The solution states that 'For losses in AY4 the projection is 2.333 years', and 'For losses in AY3 the projection is 3.333 years'.

May I check what is the start and end points of the abovementioned durations?

Taking the case of the losses in AY4, is the 2.333 years measured from...

1. July 1 AY4 to Nov 1 AY6 (average accident date for policies sold from Nov 1 AY5)?

2. July 1 AY5 (the average accident year of policies sold from July 1 AY4 that will be in effect through July 1 AY6 [This is based on ACTEX STAM-841 Section 41*]) to Nov 1 AY7?

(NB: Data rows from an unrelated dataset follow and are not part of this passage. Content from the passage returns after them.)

(* Let $(\mathfrak g,\{e_1,\dots,e_n\})$ be a nice nilpotent Lie algebra with root matrix $M_\Delta\in\mathbb R^{m\times n}$ and structure constants $c_{ij}^k$, and let $b\in\mathbb R^m$ be a solution of $M_\Delta M_\Delta^{T} b=[1]$. Let $g=\sum_{i=1}^n g_i\, e^i\otimes e^i$ ($g_i\neq 0$) be a diagonal pseudo-Riemannian metric on $\mathfrak g$, let $\lambda\in\mathbb R$, and define $X\in\mathbb R^m$ by letting, for the row $h$ of $M_\Delta$ corresponding to $(\{i,j\},k)$ with $i<j$, $$X_h=\frac{g_k}{g_ig_j}\,(c_{ij}^k)^2 .$$ Then the following are equivalent: (1) $g$ is a nilsoliton with $\operatorname{Ric}=\lambda\,\mathrm{id}+D$ for some derivation $D$ of $\mathfrak g$; (2) $\operatorname{Ric}=\lambda(\mathrm{id}-N)$, where $N$ is the diagonal Nikolayevsky derivation; (3) $X\in -2\lambda b+\ker M_\Delta^{T}$.
   Context: A nice Lie algebra is a Lie algebra $\mathfrak g$ with a basis $\{e_1,\dots,e_n\}$ (dual basis $\{e^1,\dots,e^n\}$) such that each bracket $[e_i,e_j]$ is a multiple of some $e_k$ and each $e_i\lrcorner\, de^j$ is a multiple of some $e^k$, where $d$ is the Chevalley–Eilenberg differential. Write $[e_i,e_j]=c_{ij}^k e_k$ for $i<j$. The root matrix $M_\Delta$ has one row for each triple $(\{i,j\},k)$ such that $[e_i,e_j]$ is a nonzero multiple of $e_k$; that row has $+1$ in position $k$, $-1$ in positions $i$ and $j$, and $0$ elsewhere; $m$ is the number of rows. $[1]$ denotes the vector with all entries $1$, and for $v\in\mathbb R^n$, $v^D$ denotes the diagonal matrix (in the basis $\{e_i\}$) with diagonal entries those of $v$. The diagonal Nikolayevsky derivation is $N=v^D$ with $v=M_\Delta^{T}b+[1]$, where $b$ is any solution of $M_\Delta M_\Delta^T b=[1]$. $\operatorname{Ric}$ denotes the Ricci operator of the left-invariant pseudo-Riemannian metric determined by $g$. A metric is a nilsoliton if $\operatorname{Ric}=\lambda\,\mathrm{id}+D$ with $\lambda\in\mathbb R$ and $D$ a derivation. *)

From HB Require Import structures.
From mathcomp Require Import all_boot all_order all_algebra.
From mathcomp Require Import reals.
Set Implicit Arguments. Unset Strict Implicit. Unset Printing Implicit Defensive.
Import Order.TTheory GRing.Theory Num.Theory.
Local Open Scope ring_scope.

(* A Lie algebra g of dimension n with basis e_0..e_(n-1) is given by its
   structure constants: [e_i, e_j] = \sum_k c i j k e_k.
   Endomorphisms are represented by matrices A with
   A k l = coefficient of e_k in A(e_l)  (column convention). *)

Section Defs.
Variables (R : realType) (n : nat) (c : 'I_n -> 'I_n -> 'I_n -> R).

Definition lie_algebra : Prop :=
  (forall i j k, c i j k = - c j i k) /\
  (forall i j l q,
     \sum_p (c j l p * c i p q + c l i p * c j p q + c i j p * c l p q) = 0).

Definition ad (i : 'I_n) : 'M[R]_n := \matrix_(k, l) c i l k.

Definition nilpotent_lie : Prop :=
  exists p : nat, forall s : seq 'I_n, size s = p ->
    foldr (fun i A => ad i *m A) 1%:M s = 0.

(* (e_i ⌟ d e^j)(e_l) = d e^j (e_i, e_l) = - e^j([e_i, e_l]) *)
Definition contr_de (i j l : 'I_n) : R := - c i l j.

Definition nice_basis : Prop :=
  (forall i j, exists k, forall k', k' != k -> c i j k' = 0) /\
  (forall i j, exists k, forall l, l != k -> contr_de i j l = 0).

Definition nice_nilpotent : Prop :=
  [/\ lie_algebra, nilpotent_lie & nice_basis].

Definition derivation (D : 'M[R]_n) : Prop :=
  forall i j l,
    \sum_k c i j k * D l k = \sum_p D p i * c p j l + \sum_p D p j * c i p l.

(* Rows of the root matrix: triples ((i, j), k) with i < j and c i j k != 0,
   enumerated in the (fixed) enumeration order of the finite set. *)
Definition rootset : {set ('I_n * 'I_n) * 'I_n} :=
  [set t : ('I_n * 'I_n) * 'I_n | (t.1.1 < t.1.2)%N && (c t.1.1 t.1.2 t.2 != 0)].

Definition nroots : nat := #|rootset|.

Definition root_of (h : 'I_nroots) : ('I_n * 'I_n) * 'I_n := enum_val h.

Definition root_matrix : 'M[R]_(nroots, n) :=
  \matrix_(h, l) let t := root_of h in
    ((l == t.2)%:R - (l == t.1.1)%:R - (l == t.1.2)%:R).

Definition nikolayevsky (b : 'cV[R]_nroots) : 'M[R]_n :=
  diag_mx (((root_matrix)^T *m b + const_mx 1)^T).

Definition Xvec (g : 'I_n -> R) : 'cV[R]_nroots :=
  \col_h let t := root_of h in
    g t.2 / (g t.1.1 * g t.1.2) * (c t.1.1 t.1.2 t.2) ^+ 2.

(* Left-invariant pseudo-Riemannian metric given by the Gram matrix G,
   G a b = g(e_a, e_b). Levi-Civita connection via the Koszul formula:
   2 g(nabla_x y, z) = g([x,y],z) - g([y,z],x) + g([z,x],y). *)
Variable G : 'M[R]_n.

Definition koszul (a b d : 'I_n) : R :=
  \sum_p c a b p * G p d - \sum_p c b d p * G p a + \sum_p c d a p * G p b.

(* nabla_{e_a} e_b = \sum_e Gam a b e e_e *)
Definition Gam (a b e : 'I_n) : R :=
  2^-1 * \sum_d invmx G e d * koszul a b d.

(* R(e_a,e_b) e_f = nabla_a nabla_b e_f - nabla_b nabla_a e_f - nabla_[e_a,e_b] e_f
   = \sum_q Riem a b f q e_q *)
Definition Riem (a b f q : 'I_n) : R :=
  \sum_e (Gam b f e * Gam a e q - Gam a f e * Gam b e q)
  - \sum_p c a b p * Gam p f q.

(* Ricci tensor ric(y, z) = tr (x |-> R(x, y) z) *)
Definition ric (b f : 'I_n) : R := \sum_a Riem a b f a.

(* Ricci operator: g(Ric y, z) = ric(y, z) *)
Definition ricci : 'M[R]_n := ((\matrix_(b, f) ric b f) *m invmx G)^T.

End Defs.

Arguments root_of {R n} c h.
Arguments nikolayevsky {R n} c b.
Arguments Xvec {R n} c g.

(** In a nice basis each ad e_i maps every e_a to a multiple of a single basis vector.
    When a word in these operators maps e_a to a multiple of itself, that multiple is an
    eigenvalue of a nilpotent operator, hence 0: so c_{ea}^a = 0 and c_{ab}^e c_{ef}^a = 0.
    With these identities the Koszul formula for a diagonal metric gives a diagonal Ricci
    operator, Ric = (1/2 M_Δ^T X)^D, niceness killing every off-diagonal contribution.
    A diagonal endomorphism v^D is a derivation iff M_Δ v = 0, and M_Δ [1] = -[1].
    Put u = 1/2 M_Δ^T X + λ M_Δ^T b. Then Ric - λ(id - N) = u^D, so (2) and (3) both say
    u = 0, while by M_Δ M_Δ^T b = [1] condition (1) says M_Δ u = 0; the two agree because
    u lies in the image of M_Δ^T, on which M_Δ is injective. *)

From mathcomp Require Import all_boot all_algebra.
From mathcomp Require Import reals.
From mathcomp Require Import ring.
Set Implicit Arguments. Unset Strict Implicit. Unset Printing Implicit Defensive.
Import GRing.Theory Num.Theory.
Local Open Scope ring_scope.

Lemma sumr_pred1_mul (R : pzSemiRingType) (I : finType) (k : I) (F : I -> R) :
  \sum_l (l == k)%:R * F l = F k.
Proof.
rewrite (bigD1 k) //= eqxx mul1r big1 ?addr0 // => l /negPf ->.
by rewrite mul0r.
Qed.

Lemma sum_pair_symmetrize (R : numDomainType) (I : finType) (K K' : I -> I -> R) :
  (forall a e, K a e + K e a = K' a e + K' e a) ->
  \sum_a \sum_e K a e = \sum_a \sum_e K' a e.
Proof.
move=> HK; have twice (L : I -> I -> R) :
    \sum_a \sum_e (L a e + L e a) = (\sum_a \sum_e L a e) *+ 2.
  under eq_bigr do rewrite big_split.
  by rewrite big_split /= [X in _ + X]exchange_big mulr2n.
apply/eqP; rewrite -[_ == _]orFb -(eqrMn2r 2) -!twice; apply/eqP.
by apply: eq_bigr => a _; apply: eq_bigr.
Qed.

Lemma sum_ltn_sym (R : numFieldType) (m : nat) (F : 'I_m -> 'I_m -> R) :
  (forall i j, F j i = F i j) -> (forall i, F i i = 0) ->
  \sum_(i < m) \sum_(j < m) (i < j)%N%:R * F i j = 2^-1 * \sum_i \sum_j F i j.
Proof.
move=> Fsym Fdiag; rewrite mulr_sumr; under [RHS]eq_bigr do rewrite mulr_sumr.
apply: sum_pair_symmetrize => i j; rewrite (Fsym j i).
have two_neq0 : (2 : R) != 0 by rewrite pnatr_eq0.
by case: ltngtP => [_|_|/val_inj ->]; rewrite ?Fdiag /=; field.
Qed.

Lemma invmx_diag (F : fieldType) (m : nat) (d : 'rV[F]_m) :
  (forall i, d 0 i != 0) -> invmx (diag_mx d) = diag_mx (\row_i (d 0 i)^-1).
Proof.
move=> dnz; have dd : diag_mx d *m diag_mx (\row_i (d 0 i)^-1) = 1%:M.
  rewrite mulmx_diag -diag_const_mx; congr diag_mx.
  by apply/rowP => i; rewrite !mxE mulfV.
have [dU _] := mulmx1_unit dd.
by rewrite -[RHS]mul1mx -(mulVmx dU) -mulmxA dd mulmx1.
Qed.

Lemma sum_mul_diag (R : pzSemiRingType) (m : nat) (x : 'I_m -> R) (d : 'rV[R]_m) j :
  \sum_i x i * diag_mx d i j = x j * d 0 j.
Proof.
rewrite (bigD1 j) //= mxE eqxx mulr1n big1 ?addr0 // => i /negPf ij.
by rewrite mxE ij mulr0n mulr0.
Qed.

Lemma sum_diag_mul (R : pzSemiRingType) (m : nat) (x : 'I_m -> R) (d : 'rV[R]_m) j :
  \sum_i diag_mx d j i * x i = d 0 j * x j.
Proof.
rewrite (bigD1 j) //= mxE eqxx mulr1n big1 ?addr0 // => i; rewrite eq_sym => /negPf ji.
by rewrite mxE ji mulr0n mul0r.
Qed.

Lemma diag_mx_sym (R : pzSemiRingType) (m : nat) (d : 'rV[R]_m) i j :
  diag_mx d i j = diag_mx d j i.
Proof. by rewrite -[in LHS]tr_diag_mx mxE. Qed.

Lemma diag_mx_inj (R : pzSemiRingType) (m : nat) : injective (@diag_mx R m).
Proof.
move=> d e /matrixP de; apply/rowP => i.
by have := de i i; rewrite !mxE eqxx !mulr1n.
Qed.

Lemma trmx_mulmx_ker (R : realDomainType) (m p : nat) (M : 'M[R]_(m, p))
    (z : 'cV[R]_m) :
  M *m (M^T *m z) = 0 -> M^T *m z = 0.
Proof.
set u := M^T *m z => Mu0.
have uu : u^T *m u = 0 by rewrite {1}/u trmx_mul trmxK -mulmxA Mu0 mulmx0.
have sq0 : \sum_i u i 0 ^+ 2 = (u^T *m u) 0 0.
  by rewrite [RHS]mxE; apply: eq_bigr => i _; rewrite [u^T _ _]mxE expr2.
rewrite uu mxE in sq0.
move/eqP: sq0; rewrite psumr_eq0 => [/allP u0|i _]; last exact: sqr_ge0.
apply/matrixP => i j; rewrite ord1 [RHS]mxE.
by have := u0 i (mem_index_enum i); rewrite sqrf_eq0 => /eqP.
Qed.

*:This section states that policies can become effective from Jan 1 Year Z to Dec 31 Year Z and complete data for policy year Z is not available until Dec 31 of Year Z+1, and thus average accident date is Dec 31 Year Z.

Thank you!
#2
08-24-2019, 09:58 PM
 gauchodelpaso Member SOA Join Date: Feb 2012 College: Eastern Michigan U Posts: 180

The way that I understand it , but I may be wrong, is that accident year four, goes from January 1 CY4 to December 31 CY4, with midpoint for all accident dates of July 1 CY4. I normally write this time as 4.5. It does not matter when the policy was written, as long as the accident date is within CY4.

Now the midpoint for the accidents of the new rate is November 1 CY6 or t=6 5/6=6.8333...

So the difference is 6.833-4.5=2.333
Same for AY3, and 3.333 as the difference between their midpoints.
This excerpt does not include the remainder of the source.